Significant Risk Device: A medical device that meets any of the following criteria:

• Intended as an implant and presents a potential for serious risk to the health, safety, or welfare of a subject; or
• Is purported or represented to be for a use in supporting or sustaining human life and presents a potential for serious risk to the health, safety, or welfare of a subject; or
• Is for a use of substantial importance in diagnosing, curing, mitigating, or treating disease, or otherwise preventing impairment of human health and presents a potential for serious risk to the health, safety, or welfare of a subject; or
• Otherwise presents a potential for serious risk to the health, safety, or welfare of a subject. (HSP-075)

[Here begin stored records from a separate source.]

(* Let $K$ be a field, $Q$ the bipartite type $A$ quiver with vertices $y_0,x_1,\dots,x_n,y_n$ and arrows $\alpha_i\colon x_i\to y_{i-1}$, $\beta_i\colon x_i\to y_i$, $\mathbf{d}$ a dimension vector and $\mathbf{r}$ a quiver rank array with Zelevinsky permutation $v(\mathbf{r})$ and block rank matrix $\mathbf{b}=\mathbf{b}(\mathbf{r})$. Then: (1) $v(\mathbf{r})$ is the minimal length element of its $(W_P,W_P)$-double coset; (2) every box of Fulton's essential set $\mathcal{E}ss(v(\mathbf{r}))$ lies in the southeast corner of a block; (3) the length of $v(\mathbf{r})$ is $$\sum_{i=2}^{2n+1}\sum_{j=1}^{2n}\big(\mathbf{b}_{i-1,2n+1}-\mathbf{b}_{i-1,j}\big)\big(\mathbf{b}_{i,j}+\mathbf{b}_{i-1,j-1}-\mathbf{b}_{i,j-1}-\mathbf{b}_{i-1,j}\big).$$
   Context: Setup: $\mathrm{rep}_Q(\mathbf{d})$ is the space of tuples $V=(V_a)$, $V_a\in\mathrm{Mat}_{\mathbf{d}(ha)\times\mathbf{d}(ta)}(K)$. $M_Q(V)$: block matrix with block rows $y_0,\dots,y_n$ and block columns $x_n,\dots,x_1$, $V_{\alpha_i}$ in block $(y_{i-1},x_i)$, $V_{\beta_i}$ in block $(y_i,x_i)$, zeros elsewhere; for an interval $J$ (nonempty set of consecutive vertices), $M_J(V)$ is the submatrix on block rows of the $y$-vertices and block columns of the $x$-vertices of $J$. A quiver rank array $\mathbf{r}$ is $J\mapsto\operatorname{rank}M_J(V)$ for some $V$; $\mathcal{O}_\mathbf{r}$ is the set of such $V$. $d_x=\sum\mathbf{d}(x_i)$, $d_y=\sum\mathbf{d}(y_i)$, $d=d_x+d_y$, $\zeta(V)=\begin{pmatrix}M_Q(V)&\mathbf{1}_{d_y}\\ \mathbf{1}_{d_x}&0\end{pmatrix}$. $d\times d$ matrices have row blocks of sizes $\mathbf{d}(y_0),\dots,\mathbf{d}(y_n),\mathbf{d}(x_n),\dots,\mathbf{d}(x_1)$ and column blocks of sizes $\mathbf{d}(x_n),\dots,\mathbf{d}(x_1),\mathbf{d}(y_0),\dots,\mathbf{d}(y_n)$, numbered $1..2n+1$; $Z_{i\times j}$ = block rows $1..i$, block columns $1..j$; $\mathbf{b}_{i,j}=\operatorname{rank}\zeta(V)_{i\times j}$ for $V\in\mathcal{O}_\mathbf{r}$, and $\mathbf{b}_{i,j}=0$ if $i$ or $j\notin[1,2n+1]$. $v(\mathbf{r})$ is the unique $d\times d$ permutation matrix with exactly $\mathbf{b}_{i,j}+\mathbf{b}_{i-1,j-1}-\mathbf{b}_{i,j-1}-\mathbf{b}_{i-1,j}$ ones in block $(i,j)$ and whose ones run from northwest to southeast within each block row and each block column. A permutation $u\in S_d$ corresponds to the matrix with $1$ at $(i,u(i))$; its length is the number of inversions, equivalently the number of pairs of $1$s one of which lies strictly northeast of the other. The diagram of $u$ is the set of positions of the $d\times d$ grid with no $1$ directly north (same column, above) and no $1$ directly west (same row, left); $\mathcal{E}ss(u)$ is the set of positions $(i,j)$ in the diagram such that neither $(i+1,j)$ nor $(i,j+1)$ is in the diagram. The $(W_P,W_P)$-double coset of a permutation matrix $u$ is the set of permutation matrices obtained from $u$ by permuting rows within each block row and columns within each block column. *)

From mathcomp Require Import all_boot all_order all_algebra all_fingroup.
Import GRing.Theory.

Definition cum (s : seq nat) (k : nat) : nat := sumn (take k s).
(* blk s a = (0-indexed) number of the block containing index a *)
Definition blk (s : seq nat) (a : nat) : nat :=
  count (fun k => cum s k.+1 <= a) (iota 0 (size s)).
Definition off (s : seq nat) (a : nat) : nat := a - cum s (blk s a).

(* dimension vector: dy i for y_i (0 <= i <= n), dx i for x_i (1 <= i <= n) *)
Definition YS (n : nat) (dy : nat -> nat) : seq nat := map dy (iota 0 n.+1).
Definition XS (n : nat) (dx : nat -> nat) : seq nat := rev (map dx (iota 1 n)).
(* row blocks of d x d matrices: y_0..y_n, x_n..x_1 *)
Definition RS n dx dy : seq nat := YS n dy ++ XS n dx.
(* column blocks of d x d matrices: x_n..x_1, y_0..y_n *)
Definition CS n dx dy : seq nat := XS n dx ++ YS n dy.
Definition dimX n dx : nat := sumn (XS n dx).
Definition dimY n dy : nat := sumn (YS n dy).
Definition dimT n dx dy : nat := dimX n dx + dimY n dy.

(* entry of a matrix at nat indices (0 outside) *)
Definition mget {K : nzRingType} {r c : nat} (A : 'M[K]_(r, c)) (p q : nat) : K :=
  match (insub p : option 'I_r), (insub q : option 'I_c) with
  | Some i, Some j => A i j
  | _, _ => 0%R
  end.

(* M_Q(V): block rows y_0..y_n, block columns x_n..x_1;
   V_{alpha_m} (alpha m : dy(m-1) x dx(m)) in block (y_{m-1}, x_m),
   V_{beta_m}  (beta m  : dy(m)   x dx(m)) in block (y_m, x_m). *)
Definition MQ {K : nzRingType} (n : nat) (dx dy : nat -> nat)
  (alpha : forall m, 'M[K]_(dy m.-1, dx m)) (beta : forall m, 'M[K]_(dy m, dx m))
  (a c : nat) : K :=
  let k := blk (YS n dy) a in
  let p := off (YS n dy) a in
  let m := n - blk (XS n dx) c in
  let q := off (XS n dx) c in
  if k.+1 == m then mget (alpha m) p q
  else if k == m then mget (beta m) p q
  else 0%R.

(* zeta(V) = [[M_Q(V), 1_{d_y}], [1_{d_x}, 0]] as a function of nat indices *)
Definition zeta_fun {K : nzRingType} (n : nat) (dx dy : nat -> nat)
  (alpha : forall m, 'M[K]_(dy m.-1, dx m)) (beta : forall m, 'M[K]_(dy m, dx m))
  (a c : nat) : K :=
  if a < dimY n dy then
    (if c < dimX n dx then MQ n dx dy alpha beta a c else (((a == c - dimX n dx)%N)%:R)%R)
  else
    (if c < dimX n dx then (((a - dimY n dy == c)%N)%:R)%R else 0%R).

Definition zeta {K : nzRingType} (n : nat) (dx dy : nat -> nat)
  (alpha : forall m, 'M[K]_(dy m.-1, dx m)) (beta : forall m, 'M[K]_(dy m, dx m))
  : 'M[K]_(dimT n dx dy) :=
  (\matrix_(a, c) zeta_fun n dx dy alpha beta a c)%R.

(* block rank matrix b_{i,j} (1-indexed blocks), 0 outside [1, 2n+1] *)
Definition brank {K : fieldType} (n : nat) (dx dy : nat -> nat)
  (alpha : forall m, 'M[K]_(dy m.-1, dx m)) (beta : forall m, 'M[K]_(dy m, dx m))
  (i j : nat) : nat :=
  if (0 < i <= n.*2.+1) && (0 < j <= n.*2.+1) then
    \rank (\matrix_(a < cum (RS n dx dy) i, c < cum (CS n dx dy) j)
              zeta_fun n dx dy alpha beta a c)%R
  else 0.

(* ---------- permutations; u has its 1 at (i, u i) ---------- *)
(* u is the Zelevinsky permutation for b: block (I+1,J+1) (1-indexed) contains
   b_{I+1,J+1} + b_{I,J} - b_{I+1,J} - b_{I,J+1} ones, and the ones run NW to SE
   within each block row and each block column. N = number of blocks. *)
Definition zel_perm (N : nat) (R C : seq nat) (b : nat -> nat -> nat) {d : nat}
  (u : 'S_d) : Prop :=
  (forall I J, I < N -> J < N ->
     ((#|[set i : 'I_d | (blk R i == I) && (blk C (u i) == J)]|)%:Z
       = (b I.+1 J.+1)%:Z + (b I J)%:Z - (b I.+1 J)%:Z - (b I J.+1)%:Z)%R) /\
  (forall i1 i2 : 'I_d, blk R i1 = blk R i2 -> i1 < i2 -> u i1 < u i2) /\
  (forall j1 j2 : 'I_d, blk C j1 = blk C j2 -> j1 < j2 ->
     (u^-1)%g j1 < (u^-1)%g j2).

(* length = number of inversions = pairs of 1s, one strictly NE of the other *)
Definition perm_len {d : nat} (u : 'S_d) : nat :=
  #|[set p : 'I_d * 'I_d | (p.1 < p.2) && (u p.2 < u p.1)]|.

(* w is in the (W_P,W_P)-double coset of u: obtained by permuting rows within
   block rows (p) and columns within block columns (q) *)
Definition in_dcoset (R C : seq nat) {d : nat} (w u : 'S_d) : Prop :=
  exists p q : 'S_d,
    (forall i, blk R (p i) = blk R i) /\ (forall j, blk C (q j) = blk C j) /\
    (forall i, w i = q (u (p i))).

(* Fulton's diagram: (i,j) with no 1 weakly north (in column j, row <= i)
   and no 1 weakly west (in row i, column <= j) *)
Definition in_diagram {d : nat} (u : 'S_d) (i j : nat) : bool :=
  [exists a : 'I_d, exists c : 'I_d,
     [&& val a == i, val c == j, j < u a & i < (u^-1)%g c]].

Definition in_ess {d : nat} (u : 'S_d) (i j : nat) : bool :=
  [&& in_diagram u i j, ~~ in_diagram u i.+1 j & ~~ in_diagram u i j.+1].

Definition se_corner (R C : seq nat) (i j : nat) : bool :=
  (i.+1 == cum R (blk R i).+1) && (j.+1 == cum C (blk C j).+1).

From mathcomp Require Import all_boot all_order all_algebra all_fingroup zify.
Import GRing.Theory.

(* All three statements only use that the permutation [u] lists its ones from
   northwest to southeast inside every block row and block column, with
   prescribed numbers of ones per block.  Inside a block nothing can be
   inverted, so the inversions of [u] are exactly the pairs of ones lying in
   blocks that are strictly NE/SW of each other; permuting within blocks keeps
   these pairs and can only add inversions inside blocks, and the NW-to-SE
   condition with the block counts determines [u] uniquely, giving (1).  An
   essential box lies at the SE corner of its block since moving one step
   within a block keeps it in the diagram, giving (2).  Counting the
   NE/SW pairs block by block, a one in block [(i,j)] is paired with the ones
   in blocks strictly north and strictly east of its block, whose number is
   [b(i-1,2n+1) - b(i-1,j)], giving (3). *)

Set Implicit Arguments.
Unset Strict Implicit.
Unset Printing Implicit Defensive.

Section BlockIndices.
Variable s : seq nat.

Lemma cum_mono k k' : k <= k' -> cum s k <= cum s k'.
Proof. by move=> le; rewrite /cum -(subnKC le) takeD sumn_cat leq_addr. Qed.

Lemma cum_le_sumn k : cum s k <= sumn s.
Proof. by rewrite /cum -{2}(cat_take_drop k s) sumn_cat leq_addr. Qed.

Lemma ltn_count_iota (P : pred nat) : (forall k, P k.+1 -> P k) ->
  forall m k, k < m -> (k < count P (iota 0 m)) = P k.
Proof.
move=> Pdown; have Pdown_add j k : P (k + j) -> P k.
  by elim: j k => [|j IH] k; rewrite ?addn0 // addnS => /Pdown /IH.
elim=> [//|m IH] k; rewrite ltnS -[m.+1]addn1 iotaD count_cat /= add0n addn0.
case Pm: (P m).
  have ->: count P (iota 0 m) = m.
    apply/eqP; rewrite -[X in _ == X](size_iota 0 m) -all_count.
    apply/allP=> x; rewrite mem_iota add0n => /andP [_ xm].
    by apply: (Pdown_add (m - x)); rewrite subnKC // ltnW.
  by rewrite addn1 ltnS => km; rewrite km; apply/esym/(Pdown_add (m - k)); rewrite subnKC.
rewrite addn0 leq_eqVlt => /orP [/eqP -> | km]; last exact: IH.
by rewrite Pm ltnNge -[X in _ <= X](size_iota 0 m) count_size.
Qed.

Lemma ltn_blk a k : k < size s -> (k < blk s a) = (cum s k.+1 <= a).
Proof.
move=> ks; rewrite /blk (@ltn_count_iota (fun k => cum s k.+1 <= a)) //.
by move=> j /= le_a; apply: leq_trans le_a; apply: cum_mono.
Qed.

Lemma blk_mono : {homo blk s : a a' / a <= a'}.
Proof. by move=> a a' le; apply: sub_count => k /= le_k; apply: leq_trans le_k le. Qed.

Lemma blk_ltn_size a : a < sumn s -> blk s a < size s.
Proof.
move=> a_lt; rewrite ltnNge; apply/negP=> le_size.
have size_gt0 : 0 < size s by case: s a_lt {le_size}.
have := @ltn_blk a (size s).-1; rewrite ltn_predL size_gt0 prednK //.
move=> /(_ isT); rewrite /cum take_size le_size => /esym.
by rewrite leqNgt a_lt.
Qed.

See: Non-significant risk device.

Source Documents: Original documents and records including, but not limited to, hospital records, clinical and office charts, laboratory notes, memoranda, subjects diaries or evaluation checklists, pharmacy dispensing records, recorded data from automated instruments, copies or transcriptions certified after verification as being accurate and complete, microfiche, photographic negatives, microfilm or magnetic media, x-rays, subject files, and records kept at the pharmacy, at the laboratories, and at medico-technical departments involved in the clinical trial. (HSP#046)

Sponsor: A person or other entity that initiates but does not actually conduct the investigation. An entity other than an individual (e.g., a corporation or an agency) which uses one or more of its own employees to conduct an investigation that it has initiated is considered to be a sponsor, not a sponsor-investigator, and the employees are considered to be investigators. (HSP-047)

Standard of care: Procedures that research participants would receive for the treatment of their disease or condition even if not participating in the research. (HSP#024)

Study Coordinator: The individual responsible for management of the daily activities of the study, including coordinating the treatment or testing of participants. (HSP#001)

Study Monitor: An individual employed by a commercial research sponsor to monitor the conduct of a study. This individual may be charged with periodic monitoring of study data and adverse event reports in order to assure the protection of study participants. (HSP#022)

Suspension of IRB approval of research: Temporarily or permanently withdrawing approval for some or all research procedures. (Suspended research remains “open” and subject to continuing review requirements.) (HSP#084) See ‘Termination’.